Monday night we watched Gillian Welch and David Rawlings pretend to be awkward. In fact, they exude power. At one point she turned toward him and her entire body radiated. You could see her muscles flex and the music pushed between them and came at us in waves. We were overwhelmed.
I used to think I could make people more comfortable by pretending I wasn’t powerful. I led reluctantly. I took charge only when I could do so without fanfare. I’m more comfortable on the periphery. I’d swallow the correct answer to avoid seeming like a showboat. In other words, I undermined my own power to keep from hurting anyone else’s feelings.
Sort of like marrying a boy to make it easier to live in my family.
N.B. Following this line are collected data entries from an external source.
(* Let ${}^*\mathbb{C}$, ${}^*\mathbb{R}$ be the ultrapowers and $\rho=\langle R_\varphi\rangle$ as in the context. Then: (i) for $(A_\varphi)\in\mathbb{C}^{\mathcal{D}_0}$, $(A_\varphi)\in\mathcal{M}(\mathbb{C}^{\mathcal{D}_0})$ if and only if $\langle A_\varphi\rangle\in\mathcal{M}_\rho({}^*\mathbb{C})$; (ii) the map $\widehat{A_\varphi}\mapsto\widehat{\langle A_\varphi\rangle}$ is a well-defined field isomorphism from $\widehat{\mathbb{C}^{\mathcal{D}_0}}$ onto ${}^\rho\mathbb{C}$, restricting to an isomorphism of $\widehat{\mathbb{R}^{\mathcal{D}_0}}$ onto ${}^\rho\mathbb{R}$, and it preserves the valuation, the ultra-norm and the ultra-metric; (iii) the order topology and the metric topology on $\widehat{\mathbb{C}^{\mathcal{D}_0}}$ coincide.
   Context: Fix $\mathcal{D}_0=\mathcal{D}(\mathbb{R}^d)$. For $\varphi\in\mathcal{D}_0$ let $R_\varphi=\sup\{\|x\|:\varphi(x)\neq0\}$ if $\varphi\neq0$, $R_0=1$. For $n\in\mathbb{N}$, $\mathcal{D}_n$ is the set of $\varphi\in\mathcal{D}_0$ that are real-valued, even, with $R_\varphi\le1/n$, $\int\varphi=1$, $\int x^\alpha\varphi(x)dx=0$ for $1\le|\alpha|\le n$, $\int|\varphi|\le1+1/n$, and $\sup_x|\partial^\alpha\varphi(x)|\le R_\varphi^{-2(|\alpha|+d)}$ for $|\alpha|\le n$. $\mathcal{U}$ is a fixed free ultrafilter on $\mathcal{D}_0$ containing every $\mathcal{D}_n$ and $\mathfrak c^+$-good ($\mathfrak c=\mathrm{card}\,\mathbb{R}$); ''$P(\varphi)$ a.e.'' means $\{\varphi:P(\varphi)\}\in\mathcal{U}$. Asymptotic numbers: $\mathcal{M}(\mathbb{C}^{\mathcal{D}_0})$ = nets with $|A_\varphi|\le R_\varphi^{-m}$ a.e. for some $m\in\mathbb{N}$; $\mathcal{N}(\mathbb{C}^{\mathcal{D}_0})$ = nets with $|A_\varphi|<R_\varphi^p$ a.e. for all $p\in\mathbb{N}$; $\widehat{\mathbb{C}^{\mathcal{D}_0}}=\mathcal{M}/\mathcal{N}$, $\widehat{\mathbb{R}^{\mathcal{D}_0}}$ the classes of real-valued nets, ordered by: nonzero $\widehat{A_\varphi}>0$ iff $A_\varphi>0$ a.e.; $|x+iy|=\sqrt{x^2+y^2}$; $z\approx0$ if $|z|<1/n$ for all $n$; $\widehat\rho$ = class of $(R_\varphi)$; valuation $v(0)=\infty$, $v(z)=\sup\{q\in\mathbb{Q}: z/\widehat\rho^{\,q}\approx0\}$; ultra-norm $|z|_v=e^{-v(z)}$; ultra-metric $d(a,b)=|a-b|_v$. The order topology on $\widehat{\mathbb{C}^{\mathcal{D}_0}}$ is the product topology from the order topology of $\widehat{\mathbb{R}^{\mathcal{D}_0}}$ under $\widehat{\mathbb{C}^{\mathcal{D}_0}}=\widehat{\mathbb{R}^{\mathcal{D}_0}}+i\widehat{\mathbb{R}^{\mathcal{D}_0}}$; the metric topology is that of $d$. Ultrapower: ${}^*\mathbb{R}=\mathbb{R}^{\mathcal{D}_0}/\!\sim$, where $(A_\varphi)\sim(B_\varphi)$ iff $A_\varphi=B_\varphi$ a.e.; $\langle A_\varphi\rangle$ denotes the class; operations pointwise; $\langle A_\varphi\rangle>0$ iff $A_\varphi>0$ a.e.; similarly ${}^*\mathbb{C}=\mathbb{C}^{\mathcal{D}_0}/\!\sim$ with $|\langle A_\varphi\rangle|=\langle|A_\varphi|\rangle$; $\mathbb{R}\subset{}^*\mathbb{R}$ via constant nets. $\rho=\langle R_\varphi\rangle$ (a positive infinitesimal). Robinson field: $\mathcal{M}_\rho({}^*\mathbb{C})=\{\zeta\in{}^*\mathbb{C}: |\zeta|\le\rho^{-m}\text{ for some } m\in\mathbb{N}\}$, $\mathcal{N}_\rho({}^*\mathbb{C})=\{\zeta: |\zeta|<\rho^n\text{ for all }n\in\mathbb{N}\}$, ${}^\rho\mathbb{C}=\mathcal{M}_\rho/\mathcal{N}_\rho$, $\widehat\zeta$ the class; ${}^\rho\mathbb{R}$ the classes of elements of ${}^*\mathbb{R}$. Valuation on ${}^\rho\mathbb{C}$: $v(0)=\infty$, $v(\widehat\zeta)=\mathrm{st}(\ln|\zeta|/\ln\rho)$ for $\widehat\zeta\neq0$, where $\ln$ acts componentwise on nets and $\mathrm{st}$ is the standard part (the unique real number infinitely close to a finite element of ${}^*\mathbb{R}$); $|z|_v=e^{-v(z)}$, $d_v(a,b)=|a-b|_v$. *)

From mathcomp Require Import all_boot all_order all_algebra.
From mathcomp Require Import all_classical all_reals all_analysis.
From mathcomp Require Import complex.
(* Let $\mathcal{G}$ be a cyclic group of prime order with generator $g$, and let $m$ be a positive integer. Let $\mathcal{A}_{m\text{-}\mathsf{MDL}}$ be a (possibly randomized) $m$-MDL algorithm in the GGM having at most $T$ group operation gates. Then \[\Pr_{\mathcal{A}_{m\text{-}\mathsf{MDL}},\mathbf{x}}\left[\mathcal{A}_{m\text{-}\mathsf{MDL}}^{\mathcal{G}}(g,g^{\mathbf{x}})\rightarrow\mathbf{x}\right]=O\!\left(\left(\frac{e(T+2m+1)^2}{2m|\mathcal{G}|}\right)^m\right),\] where $\mathbf{x}=(x_1,\dots,x_m)$ is uniformly random in $\{0,\dots,|\mathcal{G}|-1\}^m$ and $g^{\mathbf{x}}=(g^{x_1},\dots,g^{x_m})$.
   Context: Generic group model (Maurer-style). Let $\mathcal{G}$ be a cyclic group of known prime order $N$ with generator $g$. A GGM algorithm is a circuit with bit wires (values in $\{0,1\}$) and element wires (values in $\mathbb{Z}_N\cup\{\bot\}$; an element wire holding $x$ is written $g^x$). Bit gates act only on bit wires. Element gates: a labeling gate maps $\lceil\log_2N\rceil$ bit wires representing $x\in\mathbb{Z}_N$ to $g^x$ (or $\bot$ if no such $x$); a group operation gate maps element wires $g^x,g^y$ and a bit $b$ to $g^{x+by}$ (or $\bot$ if an input is $\bot$); an equality gate outputs the bit $1$ iff its two element inputs contain the same element different from $\bot$. The cost measure (group operation complexity) counts labeling and group operation gates; all other gates are free. No two equality gates have the same input wires. The $m$-multiple DL ($m$-MDL) problem asks, given $(g,g^{x_1},\dots,g^{x_m})$ on element wires for uniformly random $(x_1,\dots,x_m)\in\{0,\dots,N-1\}^m$, to output $(x_1,\dots,x_m)$. *)

From mathcomp Require Import all_boot all_order all_algebra.
From mathcomp Require Import reals sequences exp.
Set Implicit Arguments. Unset Strict Implicit. Unset Printing Implicit Defensive.
Import Order.TTheory GRing.Theory Num.Theory.
(* In the fixed-flow two-parallel-path setting with $l_{P_1}<l_{P_2}$, and with initial flows at vertices other than $s,d$ satisfying $f_v(0)\le\bar f$, $b_v(0)\le\bar b$, let $T_1=\max_{(u,v)\in E}\log(p_{uv}(0)/(\bar f+\bar b))/\log(1/\delta)$. Then for every integer $t\ge L+\max(0,T_1)$, $$r_{ss_1}(t+1)\ \ge\ r_{\min}(t)\left(1+\frac{\alpha-\beta}{C+\beta}\right),\qquad \alpha=1-l_{P_1},\ \beta=1-l_{P_2},\ C=\frac{5(\bar f+\bar b)}{\bar b(1-\delta)}.$$
   Context: Model (linear decision rule). Directed graph $G=(V,E)$, source $s$, destination $d$, discrete time; pheromone $p_{uv}(t)$, forward flows $f_v(t)$, backward flows $b_v(t)$; leakages $l_v\in[0,1]$; decay $\delta\in(0,1)$; exogenous inputs $f_s(t),b_d(t)$. Edge flows: $f_{uv}(t)=f_u(t)p_{uv}(t)/\sum_{z:(u,z)\in E}p_{uz}(t)$, $b_{uv}(t)=b_v(t)p_{uv}(t)/\sum_{z:(z,v)\in E}p_{zv}(t)$ (at a vertex with a single outgoing, resp. incoming, edge the whole flow goes along it). Updates: $f_v(t+1)=(1-l_v)\sum_{z:(z,v)\in E}f_{zv}(t)$ for $v\neq s$, $b_u(t+1)=(1-l_u)\sum_{z:(u,z)\in E}b_{uz}(t)$ for $u\ne d$, $p_{uv}(t+1)=\delta(p_{uv}(t)+f_{uv}(t)+b_{uv}(t))$. Path leakage $l_P=1-\prod_{v\in P\setminus\{s,d\}}(1-l_v)$. Two parallel paths: $G$ is the union of directed paths $P_1,P_2$ from $s$ to $d$ sharing only $s,d$; $s_1,s_2$ are the successors of $s$ and $d_1,d_2$ the predecessors of $d$ on $P_1,P_2$; $m=\mathrm{len}(P_1)$, $n=\mathrm{len}(P_2)$ (numbers of edges), $L=\max(m,n)$. Potential: $r_{ss_1}(t)=p_{ss_1}(t)/p_{ss_2}(t)$, $r_{d_1d}(t)=p_{d_1d}(t)/p_{d_2d}(t)$, and for $t\ge L$, $r_{\min}(t)=\min\{r_{ss_1}(t-i),\,r_{d_1d}(t-i):0\le i\le L-1\}$. Fixed-flow setting: $f_s(t)=\bar f>0$ and $b_d(t)=\bar b>0$ for all $t$, and all initial pheromone levels $p_{uv}(0)$ are positive. *)

From HB Require Import structures.
From mathcomp Require Import all_boot all_order all_algebra.
From mathcomp Require Import boolp reals exp.
Set Implicit Arguments. Unset Strict Implicit. Unset Printing Implicit Defensive.
Import Order.TTheory GRing.Theory Num.Theory.
Local Open Scope ring_scope.

Section Model.
Variables (R : realType) (V : finType) (E : rel V).

(** Edge flows of the linear decision rule (only meaningful on edges). *)
Definition fedge (f : nat -> V -> R) (p : nat -> V -> V -> R) (t : nat)
  (u v : V) : R :=
  if #|[pred z | E u z]| == 1%N then f t u
  else f t u * p t u v / (\sum_(z | E u z) p t u z).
If you don’t practice wielding your power, you are going to fuck some shit up. You are going to come across as insincere rather than kind. You are going to hoard when you should share, or keep to the outskirts when you should be in the center. You are going to sail right into a tree. You are going to irritate your wife when it’s her turn to lead. I stopped trying to steer. I started enjoying the trip. Power is most effective when we’re honest about it. Two alphas in one boat is only problematic when they decide to struggle.